O Ministério da Saúde anunciou durante coletiva de imprensa na tarde desta terça-feira (11), a liberação de R$ 909 milhões destinados ao combate da pandemia de coronavírus no País. A cerimônia contou com a presença do presidente Jair Bolsonaro, que não se pronunciou durante o evento, e do ministro Marcelo Queiroga.

O valor será destinado às administrações municipais e dividido em quatro eixos principais: R$ 395 milhões serão para a atenção primária à Saúde; R$ 120 milhões para o apoio e cuidado de pessoas idosas; R$ 345 milhões de incentivo financeiro para garantir a segurança alimentar e prevenir a má nutrição em crianças menores de 7 anos e gestantes com perfil no Bolsa Família; e fortalecimento das equipes de assistência aos povos e comunidades tradicionais, como quilombolas e indígenas, no valor de R$ 48 milhões.

Durante a cerimônia, que durou cerca de 20 minutos, Queiroga frisou que a capacidade de vacinação no País é superior a dois milhões de doses administradas por dia. Ele também voltou a afirmar que o governo federal liberou a compra de 100 milhões de doses do imunizante produzido pela Pfizer.

A previsão de entrega, de acordo com o ministro, é que 30 milhões de doses da vacina produzida pela Pfizer chegue ao Brasil até o final de setembro e os outros 70 milhões até dezembro.

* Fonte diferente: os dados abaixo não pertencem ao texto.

Lemma lift_relE p q :
  lift_rel e p q = e p.1 q.1 && (q.2 == toggle [set p.1; q.1] p.2).
Proof.
rewrite /lift_rel; case uv: (e p.1 q.1) => //=.
apply/existsP/eqP => [[x /andP [/andP [/eqP x_val flip_x] /forallP keep]] | ->].
  apply/ffunP => y; rewrite ffunE -x_val (inj_eq val_inj).
  have [-> | y_x] := eqVneq y x; first by move: flip_x; case: (p.2 x); case: (q.2 x).
  by rewrite (eqP (implyP (keep y) y_x)).
exists (Edge_of uv); rewrite /= eqxx ffunE /= eqxx /=.
apply/andP; split; first by case: (p.2 _).
apply/forallP => y; apply/implyP => y_uv; rewrite ffunE.
suff -> : (val y == [set p.1; q.1]) = false by [].
by apply: contraNF y_uv => /eqP y_val; apply/eqP/val_inj.
Qed.

Lemma lift_simple : simple_graph e -> simple_graph (lift_rel e).
Proof.
case=> e_irr e_sym; split=> [p | p q]; first by rewrite lift_relE e_irr.
rewrite !lift_relE e_sym setUC; congr andb.
by apply/eqP/eqP => ->; rewrite toggleK.
Qed.

Lemma lift_regular k : regular e k -> regular (lift_rel e) k.
Proof.
move=> e_reg p; rewrite -(e_reg p.1).
have -> : [set v | e p.1 v] = fst @: [set q | lift_rel e p q].
  apply/setP => v; rewrite inE; apply/idP/imsetP => [uv | [q]].
    by exists (v, toggle [set p.1; v] p.2); rewrite // inE lift_relE uv /=.
  by rewrite inE lift_relE => /andP [uv _] ->.
rewrite card_in_imset // => -[u f] [v g]; rewrite !inE !lift_relE /=.
by move=> /andP [_ /eqP ->] /andP [_ /eqP ->] ->.
Qed.

Lemma lift_walk_label (P : nat -> lift_vertex e) :
  (forall j, lift_rel e (P j) (P j.+1)) ->
  forall a l y, (P (a + l)).2 y =
    odd (count_mem (val y) (walk_edges (fun j => (P j).1) a l)) (+) (P a).2 y.
Proof.
move=> P_walk a l y; elim: l => [|l IHl]; first by rewrite addn0.
rewrite addnS; move: (P_walk (a + l)); rewrite lift_relE => /andP [_ /eqP ->].
rewrite ffunE -[l.+1]addn1 walk_edgesD count_cat /= oddD IHl addn0 oddb.
by rewrite eq_sym addbCA addbA.
Qed.

Definition parity_lift (W : nat -> T) j : lift_vertex e :=
  (W j, [ffun y => odd (count_mem (val y) (walk_edges W 0 j))]).

Lemma parity_lift_step W : (forall j, e (W j) (W j.+1)) ->
  forall j, lift_rel e (parity_lift W j) (parity_lift W j.+1).
Proof.
move=> W_walk j; rewrite lift_relE W_walk; apply/eqP/ffunP => y.
rewrite !ffunE -[j.+1]addn1 walk_edgesD count_cat oddD /= addn0 oddb add0n addn1.
by rewrite addbC eq_sym.
Qed.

Na segunda-feira (10), o Brasil aplicou pouco mais de 900 mil doses de vacina em todo o território nacional. O principal empecilho para atingir a quantidade mencionada pelo ministro Queiroga continua sendo a falta de imunizantes.

Pfizer

A Pfizer confirmou a entrega do 3º lote do primeiro contrato de 100 milhões de doses da vacina contra a covid-19 junto ao governo brasileiro. A remessa com 628 mil doses está programada para chegar nesta quarta-feira (12) à noite ao Aeroporto de Viracopos, em Campinas (SP).

Nesta terça, o Ministério da Saúde anunciou que a vacinação de grávidas e de puérperas será restrita somente às mulheres com comorbidades (doenças pré-existentes) e elas devem receber apenas as vacinas Pfizer e CoronaVac.

A determinação vale até que sejam concluídas as análises de um caso raro de morte de uma gestante de 35 anos por causa de um acidente vascular cerebral hemorrágico (AVC) que pode ter ligação com o uso da vacina AstraZeneca.

O óbito ainda está em investigação e, segundo o governo federal, ainda não está comprovado que a vacinação tenha causado a complicação na gestante.

A primeira remessa teve 1 milhão de doses e foi recebida pelo País em 29 de abril, também por Viracopos, com cerimônia que contou com a presença do ministro da Saúde. No dia 5 de maio, um segundo lote com 629 mil doses também chegou ao Brasil pelo terminal de Campinas.

A Pfizer é a terceira vacina a ser usada no Brasil para enfrentamento à covid-19 e, com a nova entrega, o País contabilizará 2,2 milhões de imunizantes da farmacêutica americana.